Just last week — before Zillow launched its new service — a Georgia family whose home had been foreclosed upon watched helplessly as a crowd broke into their house and stripped it bare (the family had posted an ad on Craigslist offering free furniture and other household items).
While no one can predict whether Zillow’s move will put other homeowners in foreclosure at risk, there’s no question that smart Realtors and savvy buyers will be knocking on these people’s doors.
The cost to families
Sensitive Realtors who prospect distressed properties understand how devastating it can be for a child to discover that they may be losing their home. As a result, most agents are sensitive about discussing this very private matter in front of any children. One experienced agent approaches the issue by saying, "I saw your home on the list." This allows the parent to avoid having the discussion in front of their children.
Unfortunately, potential buyers for these properties may not realize how devastating their appearance at the homeowner’s front door may be. Merely mentioning the word "foreclosure" could have harmful consequences.
The buyers and Realtors aren’t the only risk, however. There is also the risk that their friends, neighbors, family members, and workplace colleagues will find out about this very private situation. This disclosure can result in additional stress for the adults.
Even worse, when children discover another child may be losing their home, there’s a real risk that they will taunt this child. The result is the child may experience not only feelings of shame, but of insecurity, fear and loss. In the case of small children, it’s common for them to feel that they were "bad" and somehow caused this event to occur.
Risk for new buyers
Many syndication sites are notorious for not removing listings after they have closed with a new buyer. If the property is not immediately removed from the Zillow list once it closes with a new buyer, or if the current owners are able to get current on their loan(s), agents and potential buyers will continue to show up on the doorstep inquiring about the property’s foreclosure status. This can be especially threatening for women who are at home alone or with their kids.
Extend a helping hand
If you ever have wanted to do something to help those homeowners who are at risk of losing their homes, contact them with this list of "Four legal ways to delay or stop foreclosure."
If you don’t feel like knocking on doors, an alternative is to send out a postcard that says: "Do you know someone who is facing foreclosure? If so, visit www.yourwebsite… to obtain a free report on how to delay or stop foreclosure now."
The four strategies to delay or stop foreclosure include:
1. Contact Hope Now, an alliance of lenders and nonprofits that provides free assistance to homeowners and helps them determine if they are eligible for a loan workout. The Hope Now alliance operates a website, HopeNow.com, and a toll-free number (888-995-4673), that connects homeowners with HUD-approved credit counselors.

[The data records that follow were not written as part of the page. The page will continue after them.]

(* Let $k\ge4$ be even and let $G$ be a $k$-uniform hypergraph. Then the number of minimal canonical H-eigenvectors of the signless Laplacian tensor $\mathcal D+\mathcal A$ corresponding to the eigenvalue $0$, counted with $\mathbf x$ and $-\mathbf x$ identified, equals the number of odd-bipartite connected components of $G$ (counted with multiplicity as explained below).
   Context: A $k$-uniform hypergraph $G=(V,E)$ has vertex set $V=[n]$ ($n\ge k$) and nonempty edge set $E$ of $k$-element subsets; $E_i=\{e\in E:i\in e\}$, $d_i=|E_i|$. Connected components are maximal sets of vertices pairwise joined by chains of edges with consecutive edges intersecting; an isolated vertex (singleton) is also a connected component. $\mathcal A$: $a_{i_1\dots i_k}=\frac1{(k-1)!}$ if $\{i_1,\dots,i_k\}\in E$, else $0$; $\mathcal D$ diagonal with $d_{i\dots i}=d_i$; so $((\mathcal D+\mathcal A)\mathbf x^{k-1})_i=d_ix_i^{k-1}+\sum_{e\in E_i}\prod_{j\in e\setminus\{i\}}x_j$. A nonzero $\mathbf x\in\mathbb C^n$ is an eigenvector of $\mathcal T$ for eigenvalue $\lambda$ if $(\mathcal T\mathbf x^{k-1})_i=\lambda x_i^{k-1}$ for all $i$. An H-eigenvector is a real eigenvector. An eigenvector is canonical if $\max_i|x_i|=1$. An eigenvector $\mathbf x$ of eigenvalue $0$ is minimal if there is no eigenvector of eigenvalue $0$ whose support $\{i:y_i\neq0\}$ is strictly contained in that of $\mathbf x$. Counting of odd-bipartite connected components: each singleton component contributes $1$; each connected component $C$ with $|C|\ge2$ contributes the number of unordered partitions $\{S,T\}$ of $C$ with $S,T\neq\emptyset$ such that $|e\cap S|$ is odd for every edge $e\subseteq C$ (a component with no such partition contributes $0$). The number of odd-bipartite connected components of $G$ is the sum of these contributions. *)

From HB Require Import structures.
From mathcomp Require Import all_boot all_order all_algebra.
Set Implicit Arguments. Unset Strict Implicit. Unset Printing Implicit Defensive.
Import Order.TTheory GRing.Theory Num.Theory.
Local Open Scope ring_scope.

Definition k_uniform (n k : nat) (E : {set {set 'I_n}}) : Prop :=
  (E != set0) /\ (forall e, e \in E -> #|e| = k).

Definition hdeg (n : nat) (E : {set {set 'I_n}}) (i : 'I_n) : nat :=
  #|[set e in E | i \in e]|.

(* ((D + A) x^{k-1})_i = d_i x_i^{k-1} + sum_{e in E_i} prod_{j in e \ i} x_j *)
Definition signless_lap_apply (C : numClosedFieldType) (n k : nat)
    (E : {set {set 'I_n}}) (x : {ffun 'I_n -> C}) (i : 'I_n) : C :=
  (hdeg E i)%:R * x i ^+ k.-1
  + \sum_(e in E | i \in e) \prod_(j in e :\ i) x j.

Definition sl_eigenvector (C : numClosedFieldType) (n k : nat)
    (E : {set {set 'I_n}}) (lam : C) (x : {ffun 'I_n -> C}) : Prop :=
  x != 0 /\ forall i, signless_lap_apply k E x i = lam * x i ^+ k.-1.

Definition H_eigenvector (C : numClosedFieldType) (n k : nat)
    (E : {set {set 'I_n}}) (lam : C) (x : {ffun 'I_n -> C}) : Prop :=
  sl_eigenvector k E lam x /\ forall i, x i \is Num.real.

Definition canonical_vec (C : numClosedFieldType) (n : nat)
    (x : {ffun 'I_n -> C}) : Prop :=
  (forall i, `|x i| <= 1) /\ exists i, `|x i| = 1.

Definition supp (C : numClosedFieldType) (n : nat) (x : {ffun 'I_n -> C})
  : {set 'I_n} := [set i | x i != 0].

Definition minimal_zero_eigvec (C : numClosedFieldType) (n k : nat)
    (E : {set {set 'I_n}}) (x : {ffun 'I_n -> C}) : Prop :=
  sl_eigenvector k E 0 x /\
  ~ (exists y : {ffun 'I_n -> C}, sl_eigenvector k E 0 y /\ supp y \proper supp x).

Definition min_canon_H0 (C : numClosedFieldType) (n k : nat)
    (E : {set {set 'I_n}}) (x : {ffun 'I_n -> C}) : Prop :=
  H_eigenvector k E 0 x /\ canonical_vec x /\ minimal_zero_eigvec k E x.

Definition hadj (n : nat) (E : {set {set 'I_n}}) : rel 'I_n :=
  fun i j => [exists e in E, (i \in e) && (j \in e)].

(* connected components (singletons for isolated vertices) *)
Definition hcomponents (n : nat) (E : {set {set 'I_n}}) : {set {set 'I_n}} :=
  [set [set j | connect (hadj E) i j] | i : 'I_n].

Definition odd_bip_partitions (n : nat) (E : {set {set 'I_n}}) (Cm : {set 'I_n})
  : {set {set {set 'I_n}}} :=
  [set P : {set {set 'I_n}} | [exists S : {set 'I_n},
     [&& P == [set S; Cm :\: S], S \subset Cm, S != set0, Cm :\: S != set0 &
         [forall e in E, (e \subset Cm) ==> odd #|e :&: S|]]]].

Definition num_odd_bip_components (n : nat) (E : {set {set 'I_n}}) : nat :=
  (\sum_(Cm in hcomponents E)
     (if #|Cm| == 1%N then 1%N else #|odd_bip_partitions E Cm|))%N.

From HB Require Import structures.
From mathcomp Require Import all_boot all_order all_algebra.
Import Order.TTheory GRing.Theory Num.Theory.
Local Open Scope ring_scope.

(* Write L for D + A.  The proof has three parts.
   1. If L y = 0 then |y| is constant on every connected component: at a
      vertex j where |y| is maximal the equation at j reads
        d_j y_j^(k-1) = - sum_(e in E_j) prod_(l in e \ j) y_l,
      so the triangle inequality must be an equality term by term, which
      forces |y_l| = |y_j| on every edge through j; this propagates along
      the component.
   2. Consequently the minimal canonical H-eigenvectors are exactly the sign
      vectors sign_vec K S, equal to (-1)^[l in S] on a component K and 0
      elsewhere, where S is an odd cut of K (every edge inside K meets S in
      an odd number of vertices); the eigen-equation at a vertex of K turns
      into sum_(e in E_j) (1 + (-1)^|e :&: S|) = 0.
   3. Counting: -sign_vec K S = sign_vec K (K :\: S), so choosing among S and
      K :\: S the one avoiding a fixed anchor vertex of K gives one
      representative per pair {x, -x}; anchored odd cuts of K are in bijection
      with the odd-bipartitions of K, and a singleton component has exactly
      one (the empty cut). *)

Set Implicit Arguments. Unset Strict Implicit.

Lemma norm_sum_eq_bound (R : numDomainType) (I : finType) (P : pred I)
    (F B : I -> R) :
  (forall e, P e -> `|F e| <= B e) ->
  \sum_(e | P e) B e <= `|\sum_(e | P e) F e| ->
  forall e, P e -> `|F e| = B e.
Proof.
move=> le_FB le_sum e Pe; apply/eqP; rewrite eq_sym -subr_eq0; apply/eqP.
have gap_ge0 i : P i -> 0 <= B i - `|F i| by move=> Pi; rewrite subr_ge0 le_FB.
apply: (psumr_eq0P gap_ge0) Pe; apply/le_anti; rewrite sumr_ge0 // andbT.
by rewrite sumrB subr_le0 (le_trans le_sum) ?ler_norm_sum.
Qed.

Lemma norm_prod_eq_bound (R : numDomainType) (I : finType) (A : {set I})
    (y : I -> R) (m : R) :
  (forall l, l \in A -> `|y l| <= m) -> `|\prod_(l in A) y l| = m ^+ #|A| ->
  forall l, l \in A -> `|y l| = m.
Proof.
move=> le_ym eq_prod l lA; apply/le_anti; rewrite le_ym //=.
have le_rest : `|\prod_(i in A :\ l) y i| <= m ^+ #|A :\ l|.
  rewrite normr_prod -prodr_const; apply: ler_prod => i /setD1P[_ iA].
  by rewrite normr_ge0 le_ym.
have [->|m_neq0] := eqVneq m 0; first exact: normr_ge0.
have m_gt0 : 0 < m by rewrite lt_def m_neq0 (le_trans _ (le_ym l lA)).
have card_A : #|A| = (#|A :\ l|).+1 by rewrite (cardsD1 l A) lA.
rewrite -(ler_pM2r (exprn_gt0 #|A :\ l| m_gt0)) -exprS -card_A.
by rewrite -eq_prod (big_setD1 l lA) normrM ler_wpM2l.
Qed.

Lemma add1_sign_ge0 (R : numDomainType) m : 0 <= 1 + (-1) ^+ m :> R.
Proof. by rewrite -signr_odd; case: odd; rewrite /= ?expr1 ?subrr // expr0 addr_ge0. Qed.

Lemma add1_sign_eq0 (R : numDomainType) m : (1 + (-1) ^+ m == 0 :> R) = odd m.
Proof.
by rewrite -signr_odd; case: odd; rewrite /= ?expr1 ?subrr ?eqxx // expr0 -mulr2n pnatr_eq0.
Qed.

Section Components.

Variables (n : nat) (E : {set {set 'I_n}}).

Definition hcomp (i : 'I_n) : {set 'I_n} := [set l | connect (hadj E) i l].

Lemma hcomponentsE : hcomponents E = [set hcomp i | i : 'I_n].
Proof. by []. Qed.

Lemma hadj_connect_sym : connect_sym (hadj E).
Proof.
apply: sym_connect_sym => i j.
by apply/existsP/existsP => -[e /and3P[eE ie je]]; exists e; rewrite eE ie je.
Qed.

Lemma edge_hadj e i j : e \in E -> i \in e -> j \in e -> hadj E i j.
Proof. by move=> eE ie je; apply/existsP; exists e; rewrite eE ie je. Qed.

Lemma hcomp_refl i : i \in hcomp i.
Proof. by rewrite inE connect0. Qed.

Lemma hcomp_connect i l l' : l \in hcomp i -> l' \in hcomp i -> connect (hadj E) l l'.
Proof.
rewrite !inE => il il'; apply: connect_trans il'.
by rewrite hadj_connect_sym.
Qed.

Lemma edge_sub_hcomp i e j : e \in E -> j \in e -> j \in hcomp i -> e \subset hcomp i.
Proof.
move=> eE je; rewrite inE => ij; apply/subsetP => l le; rewrite inE.
exact: connect_trans ij (connect1 (edge_hadj eE je le)).
Qed.

Lemma hcomp_has_edge i : #|hcomp i| != 1%N -> exists2 e, e \in E & e \subset hcomp i.
Proof.
move=> not_single.
have : (0 < #|hcomp i :\ i|)%N.
  by move: not_single; rewrite (cardsD1 i) hcomp_refl add1n; case: #|_ :\ _|.
case/card_gt0P => l /setD1P[l_neq_i]; rewrite inE => /connectP[[|j p] /=].
  by move=> _ l_eq_i; rewrite l_eq_i eqxx in l_neq_i.
case/andP=> /existsP[e /and3P[eE ie _]] _ _.
by exists e => //; apply: edge_sub_hcomp ie (hcomp_refl i).
Qed.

2. Contact a reputable loss mitigation company (be sure to provide local contacts) to assist the homeowner in working out a payment plan, a principal reduction, or an interest rate deduction (beware of companies or foreclosure rescue scams that require payment of an upfront fee).
3. Consult NACA.net, the website of the National Association of Consumer Advocates (NACA), for a list of consumer attorneys who can help homeowners determine if there is an issue with the lender’s loan documents that would prohibit them from foreclosing.

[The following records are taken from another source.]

Lemma CR_chain_cat {X : Type} (d : X -> X -> R) (f : X -> X) (delta : R)
    (g1 g2 : nat -> X) (L1 L2 : nat) (a b c : X) :
  CR_chain d f delta g1 L1 a b -> CR_chain d f delta g2 L2 b c ->
  CR_chain d f delta (cat g1 L1 g2) (L1 + L2) a c.
Proof.
  intros [A1 [B1 [C1 D1]]] [A2 [B2 [C2 D2]]].
  assert (Hjoin : cat g1 L1 g2 L1 = g1 L1)
    by (rewrite cat_ge, Nat.sub_diag by lia; congruence).
  repeat split.
  - destruct (Nat.eq_dec L1 0) as [->|HL1].
    + rewrite Hjoin. exact A1.
    + rewrite cat_lt by lia. exact A1.
  - rewrite cat_ge by lia. replace (L1 + L2 - L1)%nat with L2 by lia. exact B2.
  - intros i hi. destruct (Nat.lt_ge_cases (S i) L1) as [h|h].
    + rewrite !cat_lt by lia. apply C1; lia.
    + destruct (Nat.lt_ge_cases i L1) as [h'|h'].
      * assert (E : S i = L1) by lia. rewrite E, Hjoin, cat_lt, <- E by lia. apply C1; lia.
      * rewrite !cat_ge by lia. replace (S i - L1)%nat with (S (i - L1)) by lia.
        apply C2; lia.
  - intros i hi. destruct (Nat.lt_ge_cases i L1) as [h|h].
    + rewrite cat_lt by lia. apply D1; lia.
    + rewrite cat_ge by lia. apply D2; lia.
Qed.

Definition rep {X : Type} (g : nat -> X) (k : nat) : nat -> X := fun i => g (i mod k)%nat.

Lemma CR_chain_rep {X : Type} (d : X -> X -> R) (f : X -> X) (delta : R)
    (g : nat -> X) (k T : nat) (z : X) :
  (1 <= k)%nat -> CR_chain d f delta g k z z -> CR_chain d f delta (rep g k) (k * T) z z.
Proof.
  intros hk [A [B [C D]]]. unfold rep. repeat split.
  - rewrite Nat.Div0.mod_0_l. exact A.
  - rewrite Nat.mul_comm, Nat.Div0.mod_mul. exact A.
  - intros i _. pose proof (Nat.mod_upper_bound i k ltac:(lia)).
    pose proof (Nat.div_mod i k ltac:(lia)).
    destruct (Nat.lt_ge_cases (S (i mod k)) k) as [h|h].
    + replace (S i mod k)%nat with (S (i mod k)).
      * apply C; lia.
      * apply (Nat.mod_unique _ _ (i / k)); lia.
    + replace (S i mod k)%nat with O.
      * rewrite A, <- B. replace k with (S (i mod k)) at 2 by lia. apply C; lia.
      * apply (Nat.mod_unique _ _ (S (i / k))); nia.
  - intros i _. apply D. pose proof (Nat.mod_upper_bound i k ltac:(lia)). lia.
Qed.

Definition separated_cycles {X : Type} (d : X -> X -> R) (f : X -> X) (r : R) (x y : X) : Prop :=
  forall delta, 0 < delta ->
    exists (xs ys : nat -> X) (k : nat),
      is_chain d f delta xs k /\ chain_in_CR d f xs k /\
      is_chain d f delta ys k /\ chain_in_CR d f ys k /\
      xs O = x /\ xs k = x /\ ys O = y /\ ys k = y /\
      forall i, (i <= k)%nat -> d (xs i) (ys i) > r.

Lemma CR_sim_transitions {X : Type} (d : X -> X -> R) (f : X -> X) (z w : X) (delta : R) :
  CR_sim d f z w -> 0 < delta ->
  exists (L : nat) (Z1 W1 Z2 W2 : nat -> X),
    CR_chain d f delta Z1 L z w /\ CR_chain d f delta W1 L w z /\
    CR_chain d f delta Z2 (L + L) z w /\ CR_chain d f delta W2 (L + L) w z.
Proof.
  intros Hsim Hd. destruct (Hsim delta Hd) as [c [N [Hc [HN Hch]]]].
  destruct (Hch N (le_n _)) as [Z1 [W1 [HZ1 [HZ1c [HW1 [HW1c [Z10 [W1L [Z1L W10]]]]]]]]].
  destruct (Hch (2 * N)%nat ltac:(lia))
    as [Z2 [W2 [HZ2 [HZ2c [HW2 [HW2c [Z20 [W2L [Z2L W20]]]]]]]]].
  replace (c * (2 * N))%nat with (c * N + c * N)%nat in * by lia.
  exists (c * N)%nat, Z1, W1, Z2, W2.
  split; [|split; [|split]]; apply CR_chain_of_chain; assumption.
Qed.

Lemma separated_cycles_spec {X : Type} (d : X -> X -> R) (f : X -> X) (r : R) (x y : X)
    (delta : R) :
  separated_cycles d f r x y -> 0 < delta ->
  exists (k : nat) (P Q : nat -> X), (1 <= k)%nat /\
    CR_chain d f delta P k x x /\ CR_chain d f delta Q k y y /\
    forall i, (i < k)%nat -> d (P i) (Q i) > r.
Proof.
  intros Hsep Hd.
  destruct (Hsep delta Hd) as [P [Q [k [HP [HPc [HQ [HQc [P0 [Pk [Q0 [Qk Hfar]]]]]]]]]]].
  exists k, P, Q. split; [apply HP|]. split; [|split].
  - apply CR_chain_of_chain; assumption.
  - apply CR_chain_of_chain; assumption.
  - intros i hi. apply Hfar. lia.
Qed.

4. Ask the lender for the original mortgage paperwork. The shortcuts sometimes taken when transferring ownership of notes and assigning mortgages from loan originators to investors — the so-called "robo-signing scandal" — has made it increasingly popular to contest a loan servicer’s standing to foreclose, particularly in judicial foreclosure states where courts handle the process (See Timothy Froehle’s article, "Standing in the wake of the foreclosure crisis," in the Iowa Law Review).
While most lenders have electronic copies of the paperwork, contesting standing can sometimes stop the sale. Even if it doesn’t, it may delay the sale long enough for the homeowner to sell the property or workout a short sale.
A potential upside
Many homeowners who receive an initial foreclosure notice (typically a notice of default) go into denial. They don’t know what to do and hope that somehow this horrible mess will disappear. Having potential buyers or real estate agents knocking on their door may be a wake-up call that they need to take action to deal with the problem.
Steps to take for your business
If you understand how to work with short sales and are committed to helping homeowners keep their home whenever possible, become the Realtor who helps them navigate their way out of this terrible situation. Use the following steps.
1. Monitor Zillow each day for homes that have recently entered the foreclosure process.
2. When you spot a property in your service area, contact the homeowner immediately (preferably in person) to inform them that details about their foreclosure status have been posted on the Zillow. If there is anyone else at home other than the person who answered the door, be sure to reference "the list" as opposed to "the foreclosure list."
3. Review the four options for helping the homeowner to delay or stop the foreclosure process.
4. If none of those options is possible, determine if the homeowner is a candidate for a short sale. If so, invite them to list the property. If not, advise them to talk to a tax professional about the potential tax consequences as well as the effect of having a foreclosure on their credit report.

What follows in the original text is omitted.